Saved entries:
────────
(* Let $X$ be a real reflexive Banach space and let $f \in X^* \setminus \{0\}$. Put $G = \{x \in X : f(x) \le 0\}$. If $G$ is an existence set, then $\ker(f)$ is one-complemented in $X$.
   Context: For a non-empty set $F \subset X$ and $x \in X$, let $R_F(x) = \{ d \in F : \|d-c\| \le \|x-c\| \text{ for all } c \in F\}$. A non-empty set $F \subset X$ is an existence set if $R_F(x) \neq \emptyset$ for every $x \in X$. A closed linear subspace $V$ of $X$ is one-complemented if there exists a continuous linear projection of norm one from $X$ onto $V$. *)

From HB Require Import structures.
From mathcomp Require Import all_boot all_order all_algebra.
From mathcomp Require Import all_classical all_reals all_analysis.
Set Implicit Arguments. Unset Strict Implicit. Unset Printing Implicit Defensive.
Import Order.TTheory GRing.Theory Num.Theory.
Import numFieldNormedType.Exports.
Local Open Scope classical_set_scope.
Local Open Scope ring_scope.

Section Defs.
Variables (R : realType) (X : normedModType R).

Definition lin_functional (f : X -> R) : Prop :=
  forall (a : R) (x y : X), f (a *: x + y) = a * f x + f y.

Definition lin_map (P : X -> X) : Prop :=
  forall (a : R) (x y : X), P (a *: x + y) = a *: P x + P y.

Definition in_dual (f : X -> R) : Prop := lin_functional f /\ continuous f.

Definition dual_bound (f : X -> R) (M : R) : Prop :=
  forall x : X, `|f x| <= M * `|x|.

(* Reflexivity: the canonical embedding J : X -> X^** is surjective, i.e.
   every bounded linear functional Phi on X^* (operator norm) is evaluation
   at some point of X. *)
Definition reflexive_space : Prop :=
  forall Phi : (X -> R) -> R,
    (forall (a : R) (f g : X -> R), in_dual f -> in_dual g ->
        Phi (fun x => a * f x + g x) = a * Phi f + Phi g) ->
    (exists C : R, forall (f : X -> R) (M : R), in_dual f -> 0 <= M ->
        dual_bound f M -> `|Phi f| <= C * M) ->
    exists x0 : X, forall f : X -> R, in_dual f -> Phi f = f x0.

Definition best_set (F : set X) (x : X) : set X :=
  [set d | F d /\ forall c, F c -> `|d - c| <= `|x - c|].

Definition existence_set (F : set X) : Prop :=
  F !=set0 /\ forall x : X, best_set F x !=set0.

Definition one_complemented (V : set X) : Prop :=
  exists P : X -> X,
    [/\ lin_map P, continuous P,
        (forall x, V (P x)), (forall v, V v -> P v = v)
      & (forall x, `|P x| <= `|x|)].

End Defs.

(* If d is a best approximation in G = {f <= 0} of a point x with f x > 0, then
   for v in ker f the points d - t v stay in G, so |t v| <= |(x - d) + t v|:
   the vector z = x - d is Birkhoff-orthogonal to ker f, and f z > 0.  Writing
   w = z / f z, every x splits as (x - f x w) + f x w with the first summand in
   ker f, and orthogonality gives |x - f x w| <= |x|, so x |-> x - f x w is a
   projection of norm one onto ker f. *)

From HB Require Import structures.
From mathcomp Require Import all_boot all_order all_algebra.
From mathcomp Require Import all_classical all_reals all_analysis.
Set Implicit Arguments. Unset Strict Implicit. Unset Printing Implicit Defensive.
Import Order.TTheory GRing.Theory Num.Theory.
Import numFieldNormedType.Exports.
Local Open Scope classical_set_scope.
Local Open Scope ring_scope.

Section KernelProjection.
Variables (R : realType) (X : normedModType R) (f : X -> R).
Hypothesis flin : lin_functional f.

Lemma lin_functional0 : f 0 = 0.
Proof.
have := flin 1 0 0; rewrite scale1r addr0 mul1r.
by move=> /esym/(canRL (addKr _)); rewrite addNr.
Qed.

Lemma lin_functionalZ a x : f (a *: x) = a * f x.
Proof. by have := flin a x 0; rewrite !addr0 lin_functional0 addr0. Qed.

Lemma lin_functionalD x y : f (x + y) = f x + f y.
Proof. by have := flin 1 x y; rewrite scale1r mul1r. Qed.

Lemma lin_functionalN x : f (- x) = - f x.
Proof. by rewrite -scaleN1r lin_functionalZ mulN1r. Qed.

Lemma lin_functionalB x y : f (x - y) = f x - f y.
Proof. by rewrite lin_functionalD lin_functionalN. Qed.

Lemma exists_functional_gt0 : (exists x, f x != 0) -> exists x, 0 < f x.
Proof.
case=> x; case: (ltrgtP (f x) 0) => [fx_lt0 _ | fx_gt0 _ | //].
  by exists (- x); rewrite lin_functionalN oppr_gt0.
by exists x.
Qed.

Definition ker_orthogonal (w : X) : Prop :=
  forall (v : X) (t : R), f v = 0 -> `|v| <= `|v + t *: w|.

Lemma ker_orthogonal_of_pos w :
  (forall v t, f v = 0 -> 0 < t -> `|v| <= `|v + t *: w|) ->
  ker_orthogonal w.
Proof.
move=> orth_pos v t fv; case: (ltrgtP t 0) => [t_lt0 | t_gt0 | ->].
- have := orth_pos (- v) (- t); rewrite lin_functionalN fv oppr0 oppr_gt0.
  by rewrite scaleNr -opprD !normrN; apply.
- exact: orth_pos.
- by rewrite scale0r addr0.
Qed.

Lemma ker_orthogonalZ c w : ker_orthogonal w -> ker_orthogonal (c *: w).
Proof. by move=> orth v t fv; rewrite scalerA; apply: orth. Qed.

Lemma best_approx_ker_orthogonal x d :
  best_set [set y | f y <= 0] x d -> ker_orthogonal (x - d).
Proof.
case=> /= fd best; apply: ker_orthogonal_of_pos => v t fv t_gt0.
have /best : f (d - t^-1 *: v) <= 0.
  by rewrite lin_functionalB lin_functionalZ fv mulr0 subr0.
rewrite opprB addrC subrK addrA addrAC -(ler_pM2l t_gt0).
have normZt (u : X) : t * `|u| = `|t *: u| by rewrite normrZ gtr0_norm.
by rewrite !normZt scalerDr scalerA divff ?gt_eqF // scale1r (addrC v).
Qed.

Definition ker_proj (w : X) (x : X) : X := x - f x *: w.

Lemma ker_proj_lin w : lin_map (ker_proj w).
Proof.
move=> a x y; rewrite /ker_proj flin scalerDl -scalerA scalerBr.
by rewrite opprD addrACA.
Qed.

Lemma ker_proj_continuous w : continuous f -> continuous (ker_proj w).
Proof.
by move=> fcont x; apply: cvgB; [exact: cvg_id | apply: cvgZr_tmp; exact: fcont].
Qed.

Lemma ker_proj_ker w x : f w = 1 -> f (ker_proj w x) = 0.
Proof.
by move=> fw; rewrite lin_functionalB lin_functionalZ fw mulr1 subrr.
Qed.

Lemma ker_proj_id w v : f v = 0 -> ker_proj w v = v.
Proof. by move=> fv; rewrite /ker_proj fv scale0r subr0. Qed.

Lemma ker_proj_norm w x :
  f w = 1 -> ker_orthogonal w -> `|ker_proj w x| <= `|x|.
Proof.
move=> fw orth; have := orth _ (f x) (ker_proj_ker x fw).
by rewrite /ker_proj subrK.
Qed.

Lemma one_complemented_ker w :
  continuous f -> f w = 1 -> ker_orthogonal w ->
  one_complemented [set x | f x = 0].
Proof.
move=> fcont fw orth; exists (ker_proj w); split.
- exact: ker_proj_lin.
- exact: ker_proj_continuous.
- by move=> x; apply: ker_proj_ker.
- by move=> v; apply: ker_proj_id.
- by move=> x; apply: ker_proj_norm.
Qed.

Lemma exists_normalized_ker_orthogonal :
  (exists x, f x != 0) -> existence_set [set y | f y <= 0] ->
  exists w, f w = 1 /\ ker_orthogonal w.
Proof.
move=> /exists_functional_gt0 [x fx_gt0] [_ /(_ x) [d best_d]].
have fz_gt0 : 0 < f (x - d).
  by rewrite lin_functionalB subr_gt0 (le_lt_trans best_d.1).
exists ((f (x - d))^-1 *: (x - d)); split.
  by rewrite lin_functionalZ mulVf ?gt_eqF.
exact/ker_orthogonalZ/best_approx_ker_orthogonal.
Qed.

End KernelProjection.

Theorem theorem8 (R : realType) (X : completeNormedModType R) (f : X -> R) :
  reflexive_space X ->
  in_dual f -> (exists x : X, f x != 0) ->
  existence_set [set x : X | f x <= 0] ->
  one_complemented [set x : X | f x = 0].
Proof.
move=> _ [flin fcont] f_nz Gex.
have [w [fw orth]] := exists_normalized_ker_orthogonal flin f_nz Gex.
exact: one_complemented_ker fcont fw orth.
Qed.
────────
What to work on:
Look for the word "linear". Copy out every line of the data that has it.

Result of this exercise:
   Context: For a non-empty set $F \subset X$ and $x \in X$, let $R_F(x) = \{ d \in F : \|d-c\| \le \|x-c\| \text{ for all } c \in F\}$. A non-empty set $F \subset X$ is an existence set if $R_F(x) \neq \emptyset$ for every $x \in X$. A closed linear subspace $V$ of $X$ is one-complemented if there exists a continuous linear projection of norm one from $X$ onto $V$. *)
   every bounded linear functional Phi on X^* (operator norm) is evaluation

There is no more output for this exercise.